The early Chamber and its predecessor, interested in sharing information to entice business, as well as chronicle Utah’s business climate, began with book publishing. Here are some selected titles found in archives:
1888. Salt Lake City: a sketch of Utah’s wonderful resources, prepared and published by the Salt Lake Chamber of Commerce.
“This publication is intended for the diffusion of correct information concerning Salt Lake City among the citizens of the East, few of whom have correct understanding of the extraordinary material advantages enjoy by Utah Territory, which deserves to rank among the greatest Commonwealths of the Union.”
Circa 1890. The new Utopia, or Utah epitomized: a brief compendium of the resources, attractions, advantages, possibilities, mineral, industrial and agricultural, of Utah and her capital.
The 18-page volume gives an over-the-top description of the virtues and beauties of Utah. Among the virtues are minerals to be mined and hot springs to bathe in.
1913. Salt Lake City and the State of Utah.

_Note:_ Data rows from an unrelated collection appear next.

Lemma delta_iA_le_eta k A : delta k A <= D -> alpha k - D <= Num.min (mk x k A) (eta A).
Proof.
have D0 := Delta_ge0; have ak1 := alpha_le1 k.
rewrite /delta_iA ge_max posp_le // => /andP[mkA sig].
rewrite le_min; apply/andP; split; first lra.
apply: le_bigmin => [|l _]; first lra.
rewrite impG_residuation; last lra.
have := le_trans (le_bigmax _ (fun l => sigmaG (alpha k) (mk x l A) (alpha l)) l) sig.
rewrite /sigmaG ge_min ler_pdivrMr // !posp_le ?mulr_ge0 // le_min !ge_min.
case/orP=> [near|far].
  have -> : alpha k - D <= alpha l + D by lra.
  have -> : alpha k - D <= 1 by lra.
  by rewrite !orbT.
have -> : mk x l A <= alpha l + D by lra.
by rewrite minset_le1.
Qed.

Lemma le_eta mu : (forall X, mu X <= 1) ->
  (forall k, sugeno mu (x k) <= alpha k + D) -> forall A, mu A <= eta A.
Proof.
move=> mu1 Sup A; apply: le_bigmin => [|k _]; first exact: mu1.
rewrite impG_residuation // le_min (le_trans (le_sugeno _ _ A) (Sup k)) /=.
by rewrite ge_min mu1 orbT.
Qed.

Lemma mu_starE X :
  ms X = \big[Num.max/0]_(Y | [&& Y != set0, Y \subset X & (#|Y| <= q)%N]) eta Y.
Proof.
rewrite /mu_star; have [->|X0] := eqVneq X set0.
  by rewrite big_pred0 // => Y; rewrite subset0; case: eqVneq.
case: leqP => [Xq|qX].
  apply/le_anti; rewrite (bigmax_sup X) ?X0 ?subxx ?Xq //=.
  by apply: bigmax_le => [|Y /and3P[_ YX _]]; [exact: eta_ge0 | exact: eta_mono].
apply: eq_bigl => Y; rewrite properEcard.
by case: (leqP #|Y| q) => Yq; rewrite ?(leq_ltn_trans Yq qX) ?andbT ?andbF.
Qed.

Lemma mu_star_small X : X != set0 -> (#|X| <= q)%N -> ms X = eta X.
Proof. by move=> X0 Xq; rewrite /mu_star (negbTE X0) Xq. Qed.

Lemma mu_star_ge0 X : 0 <= ms X.
Proof. by rewrite mu_starE bigmax_ge_id. Qed.

Lemma mu_star_le1 X : ms X <= 1.
Proof. by rewrite mu_starE; apply: bigmax_le => // Y _; apply: eta_le1. Qed.

Lemma eta_le_mu_star X Y : Y != set0 -> Y \subset X -> (#|Y| <= q)%N -> eta Y <= ms X.
Proof. by move=> Y0 YX Yq; rewrite mu_starE; apply: (bigmax_sup Y); rewrite ?Y0 ?YX. Qed.

Lemma mu_star_le_eta A : (#|A| <= q)%N -> ms A <= eta A.
Proof.
move=> Aq; rewrite mu_starE.
by apply: bigmax_le => [|Y /and3P[_ YA _]]; [exact: eta_ge0 | exact: eta_mono].
Qed.

Lemma mu_star_mono X Y : X \subset Y -> ms X <= ms Y.
Proof.
move=> XY; rewrite !mu_starE; apply: sub_bigmax => Z /and3P[Z0 ZX Zq].
by rewrite Z0 Zq (subset_trans ZX XY).
Qed.

Lemma mu_star_q_maxitive : q_maxitive q ms.
Proof.
move=> X qX; apply: le_anti; apply/andP; split; last first.
  by apply: bigmax_le => [|Y /andP[/proper_sub YX _]]; [exact: mu_star_ge0 | exact: mu_star_mono].
rewrite mu_starE; apply: bigmax_le => [|Y /and3P[Y0 YX Yq]]; first exact: bigmax_ge_id.
rewrite -mu_star_small //; apply: (bigmax_sup Y) => //.
by rewrite properEcard YX Yq (leq_ltn_trans Yq qX).
Qed.

Lemma mu_star_capacity :
  (exists A, #|A| = q /\ eta A = 1) -> is_capacity ms.
Proof.
case=> A [Aq etaA]; split => //.
- by rewrite /mu_star eqxx.
- apply/le_anti; rewrite mu_star_le1 -etaA eta_le_mu_star ?subsetT ?Aq //.
  by rewrite -card_gt0 Aq; case/andP: hq.
- by move=> X; rewrite mu_star_ge0 mu_star_le1.
- exact: mu_star_mono.
Qed.

Lemma sugeno_mu_star_ge k : alpha k - D <= sugeno ms (x k).
Proof.
have [A /andP[A0 Aq] dA] := delta_i_attained k.
apply: le_trans (le_sugeno _ _ A); rewrite mu_star_small -?card_gt0 //.
by apply: delta_iA_le_eta; rewrite -dA; apply: le_bigmax.
Qed.

Lemma sugeno_mu_star_le k : sugeno ms (x k) <= alpha k + D.
Proof.
have [A Aq ->] := sugeno_attained_small mu_star_ge0 mu_star_q_maxitive (x_ge0 k).
have := min_mk_eta_le k A; rewrite le_min => /andP[le_aD _].
by apply: le_trans le_aD; rewrite le_min2 // mu_star_le_eta.
Qed.

Lemma fit_error_mu_star_le : fit ms <= D.
Proof.
apply: bigmax_le => [|k _]; first exact: Delta_ge0.
by rewrite ler_distl sugeno_mu_star_ge sugeno_mu_star_le.
Qed.

Theorem mu_star_greatest mu : is_capacity mu -> q_maxitive q mu ->
  fit mu <= D -> forall X, mu X <= ms X.
Proof.
move=> [mu0 _ mu01 _] qmu fitD.
apply: q_maxitive_le qmu mu_star_q_maxitive _ => Y Yq.
have [->|Y0] := eqVneq Y set0; first by rewrite mu0 mu_star_ge0.
rewrite mu_star_small //; apply: le_eta => [X|k]; first by case/andP: (mu01 X).
by have := le_trans (le_fit_error mu k) fitD; rewrite ler_distl => /andP[_].
Qed.

End Fitting.
(* For any sequence of positive integers $(n_k)_{k\ge1}$ with $n_{k+1}>n_k^2$ for all $k\ge1$, there exists an infinite set $\mathcal{K}\subset\mathbb{N}$ such that $$L\Big(\{m\in\mathbb{N}: m\ge2\}\setminus\bigcup_{k\in\mathcal{K}}\{m\in\mathbb{N}: n_k\le m<n_{k+1}\}\Big)$$ is lineable but not densely lineable.
   Context: $\ell^\infty$ is the Banach space of bounded real sequences with the sup norm. For $x\in\ell^\infty$, $L_x$ denotes the set of accumulation points (subsequential limits) of $x$. For a set $A$ of cardinalities, $L(A)=\{x\in\ell^\infty: |L_x|\in A\}$. A subset $Y$ of $\ell^\infty$ is lineable if $Y\cup\{0\}$ contains an infinite-dimensional linear subspace, and densely lineable if it contains such a subspace which is dense in $\ell^\infty$. *)

From Stdlib Require Import Reals Lra Lia List.
Open Scope R_scope.

Definition bounded (x : nat -> R) : Prop :=
  exists M : R, forall k, Rabs (x k) <= M.

Definition acc_points (x : nat -> R) (a : R) : Prop :=
  exists phi : nat -> nat, (forall k, (phi k < phi (S k))%nat) /\
                           Un_cv (fun k => x (phi k)) a.

Definition has_card (S : R -> Prop) (m : nat) : Prop :=
  exists l : list R, NoDup l /\ length l = m /\ (forall a, S a <-> In a l).

(* L(A) for a set A of (finite) cardinalities, A given as a set of naturals. *)
Definition Lset (A : nat -> Prop) (x : nat -> R) : Prop :=
  bounded x /\ exists m, A m /\ has_card (acc_points x) m.

Definition is_subspace (V : (nat -> R) -> Prop) : Prop :=
  (forall x, V x -> bounded x) /\
  V (fun _ => 0) /\
  (forall x y, V x -> V y -> V (fun k => x k + y k)) /\
  (forall (c : R) x, V x -> V (fun k => c * x k)).

Fixpoint lincomb (n : nat) (c : nat -> R) (f : nat -> nat -> R) (k : nat) : R :=
  match n with
  | O => 0
  | S n' => lincomb n' c f k + c n' * f n' k
  end.

Definition inf_dim (V : (nat -> R) -> Prop) : Prop :=
  forall n : nat, exists f : nat -> nat -> R,
    (forall i, (i < n)%nat -> V (f i)) /\
    (forall c : nat -> R, (forall k, lincomb n c f k = 0) ->
       forall i, (i < n)%nat -> c i = 0).

Definition dense_linf (V : (nat -> R) -> Prop) : Prop :=
  forall x, bounded x -> forall eps, 0 < eps ->
    exists v, V v /\ forall k, Rabs (x k - v k) <= eps.

Definition lineable (Y : (nat -> R) -> Prop) : Prop :=
  exists V, is_subspace V /\ inf_dim V /\
    (forall x, V x -> Y x \/ (forall k, x k = 0)).

Definition densely_lineable (Y : (nat -> R) -> Prop) : Prop :=
  exists V, is_subspace V /\ inf_dim V /\ dense_linf V /\
    (forall x, V x -> Y x \/ (forall k, x k = 0)).

From Pilot Require Import Defs.
From Stdlib Require Import Reals Lra Lia List Cantor.
From Stdlib Require Import Classical ClassicalEpsilon FunctionalExtensionality.
Open Scope R_scope.

(* - Lineability ([lineable_of_windows]): for a positive nondecreasing [M], the
     span of "sawtooth" sequences, the [i]-th running periodically through
     [1, ..., M i] on the [i]-th column of the Cantor pairing, is an infinite
     dimensional subspace whose nonzero elements, with last nonzero coefficient
     at [p], have between [M p + 1] and [(p + 1) M p + 1] accumulation points.
     So [L(A)] is lineable once [A] contains all these windows.
   - Non-dense lineability ([not_densely_lineable_of_gaps]): accumulation points
     of [w + t v] are sums [p + t z], so [|L(w + t v)| <= |L(w)| |L(v)|].  If [A]
     misses windows [[lo, lo^2]] with [lo] arbitrarily large, a dense subspace
     would contain approximants of the indicators of uncountably many almost
     disjoint branches of the binary tree; infinitely many share a number [c] of
     accumulation points, and adding [lo > c] of them one at a time with small
     weights produces an element of the subspace with at least [lo] but fewer
     than [lo] accumulation points. *)

Lemma Rabs_le_bounds x M : Rabs x <= M -> - M <= x <= M.
Proof. unfold Rabs; destruct (Rcase_abs x); lra. Qed.

Definition strict_incr (s : nat -> nat) : Prop := forall k, (s k < s (S k))%nat.

Lemma strict_incr_lt s : strict_incr s -> forall a b, (a < b)%nat -> (s a < s b)%nat.
Proof.
  intros Hs a b Hab. induction Hab as [|b _ IH]; [apply Hs|].
  specialize (Hs b). lia.
Qed.

Lemma strict_incr_ge s : strict_incr s -> forall k, (k <= s k)%nat.
Proof. intros Hs k. induction k as [|k IH]; [lia|]. specialize (Hs k). lia. Qed.

Lemma strict_incr_comp f g : strict_incr f -> strict_incr g -> strict_incr (fun k => f (g k)).
Proof. intros Hf Hg k. apply strict_incr_lt; auto. Qed.

Lemma Un_cv_subseq u l s : Un_cv u l -> strict_incr s -> Un_cv (fun k => u (s k)) l.
Proof.
  intros Hu Hs eps Heps. destruct (Hu eps Heps) as [N HN]. exists N.
  intros k Hk. apply HN. pose proof (strict_incr_ge s Hs k). unfold ge in *. lia.
Qed.

(* A cluster value of [u] (in the sense of the library's [ValAdh]) is the
   limit of a subsequence: pick [s k] beyond [s (k-1)] within [1/(k+1)] of it. *)
Lemma cluster_subseq (u : nat -> R) (l : R) :
  ValAdh u l -> exists s, strict_incr s /\ Un_cv (fun k => u (s k)) l.
Proof.
  intros Hl.
  assert (Hnear : forall kN : nat * nat, exists p,
             (snd kN <= p)%nat /\ Rabs (u p - l) < / INR (S (fst kN))).
  { intros [k N]. assert (Hpos : 0 < / INR (S k)) by (apply Rinv_0_lt_compat, lt_0_INR; lia).
    apply (Hl (disc l (mkposreal _ Hpos)) N). exists (mkposreal _ Hpos). now intros x Hx. }
  destruct (choice _ Hnear) as [g Hg].
  set (s := fix s k := match k with O => g (O, O) | S k' => g (S k', S (s k')) end).
  assert (Hclose : forall k, Rabs (u (s k) - l) < / INR (S k)).
  { intros [|k]; apply (Hg (_, _)). }
  exists s. split.
  - intro k. exact (proj1 (Hg (S k, S (s k)))).
  - intros eps Heps. destruct (archimed_cor1 eps Heps) as [N [HN HN0]].
    exists N. intros k Hk. unfold R_dist.
    apply Rlt_trans with (/ INR (S k)); [apply Hclose|].
    apply Rle_lt_trans with (/ INR N); [|exact HN].
    apply Rinv_le_contravar; [apply lt_0_INR; lia|apply le_INR; lia].
Qed.

Lemma bounded_cv_subseq (u : nat -> R) :
  Defs.bounded u -> exists s l, strict_incr s /\ Un_cv (fun k => u (s k)) l.
Proof.
  intros [M HM].
  destruct (Bolzano_Weierstrass u (fun x => - M <= x <= M) (compact_P3 (- M) M)) as [l Hl].
  { intro k. apply Rabs_le_bounds, HM. }
  destruct (cluster_subseq u l Hl) as [s Hs]. eauto.
Qed.

Lemma bounded_comp (u : nat -> R) (f : nat -> nat) : Defs.bounded u -> Defs.bounded (fun k => u (f k)).
Proof. intros [M HM]. exists M. intro; apply HM. Qed.

Lemma Un_cv_const c : Un_cv (fun _ => c) c.
Proof. intros e He. exists O. intros. unfold R_dist. rewrite Rminus_diag, Rabs_R0. auto. Qed.

Lemma Un_cv_dist_le u l a e :
  Un_cv u l -> (exists N, forall k, (N <= k)%nat -> Rabs (u k - a) <= e) -> Rabs (l - a) <= e.
Proof.
  intros Hu [N HN]. apply Rnot_lt_le. intro Hlt.
  destruct (Hu (Rabs (l - a) - e)) as [N' HN']; [lra|].
  specialize (HN' (max N N') (Nat.le_max_r N N')). specialize (HN (max N N') (Nat.le_max_l N N')).
  unfold R_dist in HN'. rewrite Rabs_minus_sym in HN'.
  pose proof (Rabs_triang (l - u (max N N')) (u (max N N') - a)).
  replace (l - u (max N N') + (u (max N N') - a)) with (l - a) in H by ring. lra.
Qed.

Lemma list_sep_point (L : list R) (a : R) :
  exists d, 0 < d /\ forall x, In x L -> x <> a -> d <= Rabs (x - a).
Proof.
  induction L as [|y L [d [Hd H]]].
  - exists 1. split; [lra|]. intros x [].
  - destruct (Req_dec y a) as [->|Hy].
    + exists d. split; auto. intros x [->|Hx] Hxa; [contradiction|auto].
    + exists (Rmin d (Rabs (y - a))). split.
      * apply Rmin_pos; auto. apply Rabs_pos_lt. lra.
      * intros x [->|Hx] Hxa; [apply Rmin_r|].
        eapply Rle_trans; [apply Rmin_l|auto].
Qed.

Lemma list_sep (L : list R) :
  exists d, 0 < d /\ forall a b, In a L -> In b L -> a <> b -> d <= Rabs (a - b).
Proof.
  induction L as [|y L [d [Hd H]]].
  - exists 1. split; [lra|]. intros a b [].
  - destruct (list_sep_point L y) as [e [He He']].
    exists (Rmin d e). split; [apply Rmin_pos; auto|].
    intros a b [<-|Ha] [<-|Hb] Hab.
    + contradiction.
    + rewrite Rabs_minus_sym. eapply Rle_trans; [apply Rmin_r|]. apply He'; auto.
    + eapply Rle_trans; [apply Rmin_r|]. apply He'; auto.
    + eapply Rle_trans; [apply Rmin_l|]. auto.
Qed.

Lemma acc_points_in_list (x : nat -> R) (L : list R) :
  (forall k, In (x k) L) -> forall a, acc_points x a -> In a L.
Proof.
  intros HL a [phi [_ Hcv]]. apply NNPP. intro Ha.
  destruct (list_sep_point L a) as [d [Hd Hsep]]. destruct (Hcv d Hd) as [N HN].
  specialize (HN N (le_n N)). unfold R_dist in HN.
  assert (Hne : x (phi N) <> a) by (intro E; apply Ha; rewrite <- E; auto).
  specialize (Hsep _ (HL (phi N)) Hne). lra.
Qed.

Lemma has_card_le_list S m L :
  has_card S m -> (forall a, S a -> In a L) -> (m <= length L)%nat.
Proof.
  intros [l [Hnd [<- HS]]] H. apply NoDup_incl_length; auto.
  intros a Ha. apply H, HS, Ha.
Qed.

Lemma has_card_ge_list S m L :
  has_card S m -> NoDup L -> (forall a, In a L -> S a) -> (length L <= m)%nat.
Proof.
  intros [l [Hnd [<- HS]]] HL H. apply NoDup_incl_length; auto.
  intros a Ha. apply HS, H, Ha.
Qed.

Lemma has_card_of_list (P : R -> Prop) L :
  (forall a, P a -> In a L) -> exists m, has_card P m /\ (m <= length L)%nat.
Proof.
  revert P. induction L as [|x L IH]; intros P H.
  - exists O. split; [|simpl; lia]. exists nil. repeat split; [constructor|apply H|intros []].
  - destruct (IH (fun a => P a /\ a <> x)) as [m [[l [Hnd [Hl HS]]] Hm]].
    { intros a [Ha Hax]. destruct (H a Ha) as [->|]; tauto. }
    destruct (classic (P x)) as [Hx|Hx].
    + exists (S m). split; [|simpl; lia]. exists (x :: l). repeat split.
      * constructor; auto. intro Hi. apply HS in Hi. tauto.
      * simpl; lia.
      * intro Ha. destruct (Req_dec a x) as [->|]; [left; auto|right; apply HS; auto].
      * intros [<-|Hi]; [auto|apply HS in Hi; tauto].
    + exists m. split; [|simpl; lia]. exists l. repeat split; auto.
      * intro Ha. apply HS. split; auto. intros ->. tauto.
      * intro Hi. apply HS in Hi. tauto.
Qed.

Lemma has_card_acc_points_zero : has_card (acc_points (fun _ => 0)) 1.
Proof.
  exists (0 :: nil). repeat split.
  - constructor; [intros []|constructor].
  - intros [phi [_ Hcv]]. left. eapply UL_sequence; [apply Un_cv_const|exact Hcv].
  - intros [<-|[]]. exists (fun k => k). split; [intro; lia|apply Un_cv_const].
Qed.

(* Every accumulation point of [w + t v] has the form [p + t z] with [p] an
   accumulation point of [w] and [z] one of [v]: refine a subsequence along
   which [w] converges too. *)
Lemma acc_points_comb (w v : nat -> R) t a :
  Defs.bounded w -> t <> 0 -> acc_points (fun k => w k + t * v k) a ->
  exists p z, acc_points w p /\ acc_points v z /\ a = p + t * z.
Proof.
  intros Hb Ht [phi [Hphi Hcv]].
  destruct (bounded_cv_subseq (fun k => w (phi k)) (bounded_comp w phi Hb)) as [s [p [Hs Hp]]].
  assert (Hincr : strict_incr (fun k => phi (s k))) by (apply strict_incr_comp; auto).
  exists p, ((a - p) / t). repeat split; [exists (fun k => phi (s k)); auto| |field; auto].
  exists (fun k => phi (s k)). split; [exact Hincr|].
  apply Un_cv_ext with (fun k => (w (phi (s k)) + t * v (phi (s k)) - w (phi (s k))) * / t).
  - intro k. field. exact Ht.
  - apply CV_mult; [|apply Un_cv_const].
    apply CV_minus; [apply (Un_cv_subseq _ _ _ Hcv Hs)|exact Hp].
Qed.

The slick and colorful magazine was published by Sunset Magazine for its Homeseekers’ Bureau of Information and showcases everything from outdoor recreation, to farming, to mining jobs and education. The 48-page piece begins with: “Salt Lake City and Utah are good places to visit and good places in which to live. They have been called peculiar. They are peculiar in this, that their people combine contentment with the courage, optimism and progressiveness that have created the great West; with the spirit that has wrung millions from the granite hills, made homes in the wilderness, built great cities and the deserts into gardens.”
1913. As I Remember Them.
The Salt Lake Commercial Club published C.C. Goodwin’s memoir, which highlights his time as editor of the Tribune, and highlighted the movers and shakers of the day that he had met over the years.
1914. Salt Lake Commercial Club Bulletin No. 1. Alkali and Water-logged lands.
The purpose of the Club’s first bulletin was to encourage the development of land between Salt Lake City and the Great Salt Lake. The bulletin envisioned a drainage system and reclamation of about 50,000 acres of land west of the city. In some measure, this vision has been fulfilled with the development of the Salt Lake City International Airport, nearby commercial and industrial enterprises, and a new state prison planned for the region.
1923. Come to Salt Lake City, the Center of Scenic America.
The brochure was part of the Chamber’s effort to make Salt Lake the center of a “See America First Campaign.” There was a large map with circles radiating from Salt Lake to western national parks (and future national parks) and other points of interest.
1929. Salt Lake City — Seven Days in and around “The Center of Scenic America.”
This provided information and pictures illustrating Salt Lake City and environs, with maps of Salt Lake City and national parks: Zion, Bryce Canyon and the Grand Canyon. Also included was a list of hotels and rates.
The most expensive was Hotel Utah; double rooms with bath — $5 a night. If you didn’t need a bath, most hotels started at $1.00 a night for a single room.